There are a handful of blockchain networks that support smart contracts, with Ethereum being the largest and specifically created and designed to support them. Dr. Otrok and his team implemented a decentralized model on the Ethereum network, designing their smart contracts with the Solidity programming language. Their model is designed to embody quality verification for cloud providers who lease computing resources from each other and optimize workload.

“The interaction between cloud service providers (either providing a service or requesting it from another provider) and the Oracle through smart contracts comprises a system of autonomous and utility maximizer agents. Cloud requesters seek to receive high quality services with constant monitoring at cheap prices or even with no charge, while cloud providers aim to have a balanced workload with less preserved capacity, and the Oracle tends to charge higher for their monitoring services. Therefore, to model this conflicting situation, we formulated a dynamic Stackelberg differential game to optimize the cost of using the Oracle and maximize the profit of the agents with the role provider agent as a leader, and the requester and verifier agents as followers.”

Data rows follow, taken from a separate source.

(* Consider the delayed online learning protocol of the context, with DDA run with a constant learning rate $\eta_t\equiv\eta$, and fix a comparator $p\in\mathcal X$. Let $\lambda=\max_{1\le t\le T}|\mathcal U_t|$, $\Lambda=\sum_{t=1}^T|\mathcal U_t|$ and $L_T=\sum_{t=1}^T\big(\|g_t\|_*^2+2\|g_t\|_*\sum_{q\in\mathcal U_t}\|g_q\|_*\big)$. Then: (i) if $\|g_t\|_*$ is uniformly bounded and $\eta=\Theta(1/\sqrt{\lambda T})$, then $R_T(p)=O(\sqrt{\lambda T})$; (ii) if $\|g_t\|_*$ is uniformly bounded and $\eta=\Theta(1/\sqrt{\Lambda})$, then $R_T(p)=O(\sqrt{\Lambda})$; (iii) if $\eta=\Theta(1/\sqrt{L_T})$, then $R_T(p)=O(\sqrt{L_T})$.
   Context: Let $\mathcal V$ be a finite-dimensional real vector space with norm $\|\cdot\|$ and dual norm $\|\cdot\|_*$, and let $\mathcal X\subset\mathcal V$ be closed and convex. A regularizer is a function $h:\mathcal V\to\mathbb R\cup\{+\infty\}$ that is lower semicontinuous, $1$-strongly convex with respect to $\|\cdot\|$ on $\mathcal X$, satisfies $\mathcal X\subset\operatorname{dom}h$, whose subdifferential admits a continuous selection, and which is nonnegative. Protocol: at each round $t=1,\dots,T$ exactly one agent $i(t)$ is active, plays $x_t\in\mathcal X$ and incurs $f_t(x_t)$, where $f_t$ is convex with $\mathcal X\subset\operatorname{dom}\partial f_t$; a subgradient $g_t\in\partial f_t(x_t)$ is revealed later. $\mathcal S^i_t\subset\{1,\dots,t-1\}$ is the set of timestamps $s$ with $g_s$ available to agent $i$ at time $t$, nondecreasing in $t$; $\mathcal S_t=\mathcal S^{i(t)}_t$, $\mathcal U_t=\{1,\dots,t-1\}\setminus\mathcal S_t$. DDA: $x_t=\arg\min_{x\in\mathcal X}\{\sum_{s\in\mathcal S_t}\langle g_s,x\rangle+h(x)/\eta_t\}$. Regret: $R_T(p)=\sum_{t=1}^Tf_t(x_t)-\sum_{t=1}^Tf_t(p)$.
   Formalization: Part (ii) carries the extra hypothesis T ≤ κΛ, where κ is any constant fixed before the constant in O(√Λ) is chosen, so it covers only the regime T = O(Λ). The statement above fails without it. *)

(* The finite-dimensional real vector space V is modelled as 'rV[R]_n
   (R : realType); its dual V^* is identified with 'rV[R]_n through the
   standard pairing [dotv]. *)
From HB Require Import structures.
From mathcomp Require Import all_boot all_order all_algebra.
From mathcomp Require Import all_classical all_reals all_analysis.
Import Order.TTheory GRing.Theory Num.Theory numFieldNormedType.Exports.

Set Implicit Arguments.
Unset Strict Implicit.
Unset Printing Implicit Defensive.

Local Open Scope classical_set_scope.
Local Open Scope ring_scope.

Section Defs.
Variables (R : realType) (n : nat).
Notation V := 'rV[R]_n.

Definition dotv (g x : V) : R := \sum_(j < n) g ord0 j * x ord0 j.

Definition is_norm (N : V -> R) : Prop :=
  [/\ forall x, 0 <= N x,
      forall x, N x = 0 -> x = 0,
      forall (a : R) x, N (a *: x) = `|a| * N x
    & forall x y, N (x + y) <= N x + N y].

Definition dual_norm (N : V -> R) (g : V) : R :=
  sup [set dotv g x | x in [set x | N x <= 1]].

Definition convex_set_V (X : set V) : Prop :=
  forall x y (t : R), X x -> X y -> 0 <= t <= 1 -> X (t *: x + (1 - t) *: y).

Definition edom (f : V -> \bar R) : set V := [set x | (f x < +oo)%E].

Definition convex_fun (f : V -> \bar R) : Prop :=
  forall x y (a b t : R), (f x <= a%:E)%E -> (f y <= b%:E)%E -> 0 <= t <= 1 ->
    (f (t *: x + (1 - t) *: y)%R <= (t * a + (1 - t) * b)%:E)%E.

Definition subdiff (f : V -> \bar R) (x : V) : set V :=
  [set g | f x \is a fin_num /\
           forall y, (f x + (dotv g (y - x)%R)%:E <= f y)%E].

Definition dom_subdiff (f : V -> \bar R) : set V :=
  [set x | subdiff f x !=set0].
Lemma cji_atom a :
  ~ ra_le a (ra_bot S) -> (forall b, ra_le b a -> ra_le a b \/ ra_le b (ra_bot S)) ->
  cji Sup (e a).
Proof.
move=> a_nbot atom X aX; apply: NNPP => nXa; apply/a_nbot/e_le.
rewrite aX; apply: (Sup_lub CL) => x Xx; have [b xb] := e_surj x; subst x.
have le_ba : le (e b) (e a) by rewrite aX; apply: (Sup_ub CL).
case: (atom b (proj1 (e_le b a) le_ba)) => [/e_le le_ab|/e_le //].
by case: nXa; rewrite (le_anti CL le_ab le_ba).
Qed.

Hypothesis RA : is_resalg S.

Let ra_le_refl (a : S) : ra_le a a.
Proof. exact/e_le/(le_refl CL). Qed.

Let ra_le_trans (a b c : S) : ra_le a b -> ra_le b c -> ra_le a c.
Proof. by move=> /e_le ab /e_le bc; apply/e_le; apply: (le_trans CL) ab bc. Qed.

Let residuation (a b c : S) : ra_le b (ra_ldiv a c) <-> ra_le a (ra_rdiv c b).
Proof. by case: RA => _ [_ [_ [_ [_ res]]]]. Qed.

Let ldiv_monor (a c c' : S) : ra_le c c' -> ra_le (ra_ldiv a c) (ra_ldiv a c').
Proof. by case: RA => _ [ldivI _] cc'; rewrite /ra_le -ldivI cc'. Qed.

Let rdiv_monol (a c c' : S) : ra_le c c' -> ra_le (ra_rdiv c a) (ra_rdiv c' a).
Proof. by case: RA => _ [_ [_ [rdivI _]]] cc'; rewrite /ra_le -rdivI cc'. Qed.

Let ldiv_antil (a a' c : S) : ra_le a' a -> ra_le (ra_ldiv a c) (ra_ldiv a' c).
Proof. by move=> a'a; apply/residuation; apply: ra_le_trans a'a _; apply/residuation. Qed.

Let rdiv_antir (c a a' : S) : ra_le a' a -> ra_le (ra_rdiv c a) (ra_rdiv c a').
Proof. by move=> a'a; apply/residuation; apply: ra_le_trans a'a _; apply/residuation. Qed.

Lemma pi_ldiv_e a c : pi_ldiv le Sup Inf e (e a) (e c) = e (ra_ldiv a c).
Proof.
have ko_e a' c' : pi_ldiv_ko le Sup e (e a') (e c') = e (ra_ldiv a' c').
  apply: (Sup_max CL); first by exists a', c'; split=> //; apply: (le_refl CL).
  move=> _ [a'' [c'' [/e_le a'a'' /e_le c''c' ->]]].
  by apply/e_le; apply: ra_le_trans (ldiv_antil _ a'a'') (ldiv_monor _ c''c').
apply: (Inf_min CL).
  exists (e a), (e c); split; [exact: (closedC_e e CL) | exact: (le_refl CL)
    | exact: (openC_e e CL) | exact: (le_refl CL) | by rewrite ko_e].
move=> _ [k [o [_ ka _ co ->]]]; have [a' ?] := e_surj k; have [c' ?] := e_surj o; subst k o.
rewrite ko_e; apply/e_le; move/e_le: ka => ka; move/e_le: co => co.
exact: ra_le_trans (ldiv_monor _ co) (ldiv_antil _ ka).
Qed.

Lemma pi_rdiv_e c b : pi_rdiv le Sup Inf e (e c) (e b) = e (ra_rdiv c b).
Proof.
have ok_e c' b' : pi_rdiv_ok le Sup e (e c') (e b') = e (ra_rdiv c' b').
  apply: (Sup_max CL); first by exists c', b'; split=> //; apply: (le_refl CL).
  move=> _ [c'' [b'' [/e_le c''c' /e_le b'b'' ->]]].
  by apply/e_le; apply: ra_le_trans (rdiv_monol _ c''c') (rdiv_antir _ b'b'').
apply: (Inf_min CL).
  exists (e c), (e b); split; [exact: (openC_e e CL) | exact: (le_refl CL)
    | exact: (closedC_e e CL) | exact: (le_refl CL) | by rewrite ok_e].
move=> _ [o [k [_ co _ kb ->]]]; have [c' ?] := e_surj o; have [b' ?] := e_surj k; subst o k.
rewrite ok_e; apply/e_le; move/e_le: co => co; move/e_le: kb => kb.
exact: ra_le_trans (rdiv_monol _ co) (rdiv_antir _ kb).
Qed.
Lemma holes_meet_not_vertex S1 S2 c : hole e S1 -> hole e S2 -> S1 :&: S2 != [set c].
Proof.
move=> h1 h2; apply/eqP => I12.
have /setIP [cS1 cS2] : c \in S1 :&: S2 by rewrite I12 set11.
apply: nF2; apply: (F2_of_holes h1 h2 (@connected_set1 c) (set11 c) (set11 c)) => //.
- by rewrite disjoints1 !inE eqxx.
- by rewrite disjoints1 !inE eqxx.
- by rewrite -setI_eq0 -setDIl I12 setDv.
- exact: holes_meet_vertex_nonadjacent.
- by move=> z _; rewrite touches_set1.
- by move=> z _; rewrite touches_set1.
Qed.

Lemma holes_meet_small S1 S2 : hole e S1 -> hole e S2 ->
  ~~ [disjoint S1 & S2] -> ~~ (S2 \subset S1) ->
  exists c d, (c = d \/ e c d) /\ S1 :&: S2 = [set c; d].
Proof.
move=> h1 h2; rewrite -setI_eq0 => /set0Pn [x /setIP [xS1 xS2]] nsub.
have [n [v [Sv vx]]] := hole_ecycle_at h2 xS2; rewrite -vx in xS1.
have [k [vk vk1]] := ecycle_exit Sv xS1 nsub.
(* [w] enumerates [S2] from a vertex of [S1] whose successor leaves [S1], and
   [w m] is the first return to [S1]. *)
have Sw := ecycle_rot Sv k; set w := fun i => v (k + i) in Sw.
have w0S1 : w 0 \in S1 by rewrite /w addn0.
have w1S1 : w 1 \notin S1 by rewrite /w addn1.
have [m /andP [m1 mn] [wmS1 wout]] := ecycle_return Sw w0S1 w1S1.
have n3 := ecycle_gt3 Sw.
set X := arc w 1 (m - 1).
have cX : connected_set e X by apply: (arc_connected Sw); lia.
have dX : [disjoint X & S1].
  by apply/disjointP => z /arcP [t tm ->]; apply: wout; lia.
have [T0 Tm] := ecycle_arc_ends Sw m1.
have w0m : w 0 = w m \/ e (w 0) (w m).
  case: (eqVneq (w 0) (w m)) => [|ne]; [by left | right].
  exact: (hole_touch_adj h1 cX dX w0S1 wmS1 ne T0 Tm).
have mn1 := ecycle_close Sw m1 mn w0m.
exists (w 0), (w m); split=> //.
apply/setP=> z; rewrite !inE; apply/andP/orP => [[zS1 /(ecycleP Sw) [t tn zE]]|].
  case: (posnP t) => [t0|t0]; first by left; rewrite zE t0.
  case: (ltnP t m) => [tm|mt].
    by move: zS1; rewrite zE (negbTE (wout _ _)) // t0 tm.
  have tE : t = m by clear -tn mt mn1 mn; lia.
  by right; rewrite zE tE.
by case=> /eqP ->; split; rewrite ?w0S1 ?wmS1 //; apply: ecycle_in Sw _.
Qed.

The Stackelberg game model is a strategic game in economics in which the leader firm moves first and the follower firms move sequentially; in game theory terms, the players of this game are a leader and a follower, with players competing on maximizing their gain. The Stackelberg model can be solved to find the subgame perfect Nash equilibrium (SPNE), which is the strategy equilibrium that optimizes outcomes for each player.

“Game theory has been successfully applied in the cloud computing area for resource allocation and pricing mechanisms, where the interactions of players have to be taken into account,” said Dr. Otrok. “A user-provider interactive approach has been taken in previous works, where a Stackelberg game is designed to consider constrained pricing with limited resources offered by a cloud service provider and the optimal user demands. However, the price is the only utility factor considered in these studies and the importance of Quality of Service is somehow neglected.”

“The results from our Stackelberg differential game revealed that the requester agent initiates most of the quality verification requests at the beginning to the middle of the contract. Thus, the provider agent could reserve fewer computing resources as it could share the workload among other customers’ computing resources during this peak-time. Moreover, imposing a higher penalty on the provider agent increased the capacity and decreased the number of requests for quality verification at the equilibrium. We also found that the impact of timing in the dynamic pricing strategy of the verifier agent is very minimal, and the provisioning capacity of the provider is strongly correlated with the monitoring price.”

Dr. Otrok’s model used a single trusted Oracle to perform the verification. However, blind trust in a single third-party may hinder the reliability and efficiency of the blockchain network. His team plans to consider multiple Oracles and more advanced techniques such as reinforcement learning, to enforce truthfulness among the Oracles and select the most reliable and efficient at each stage of verification.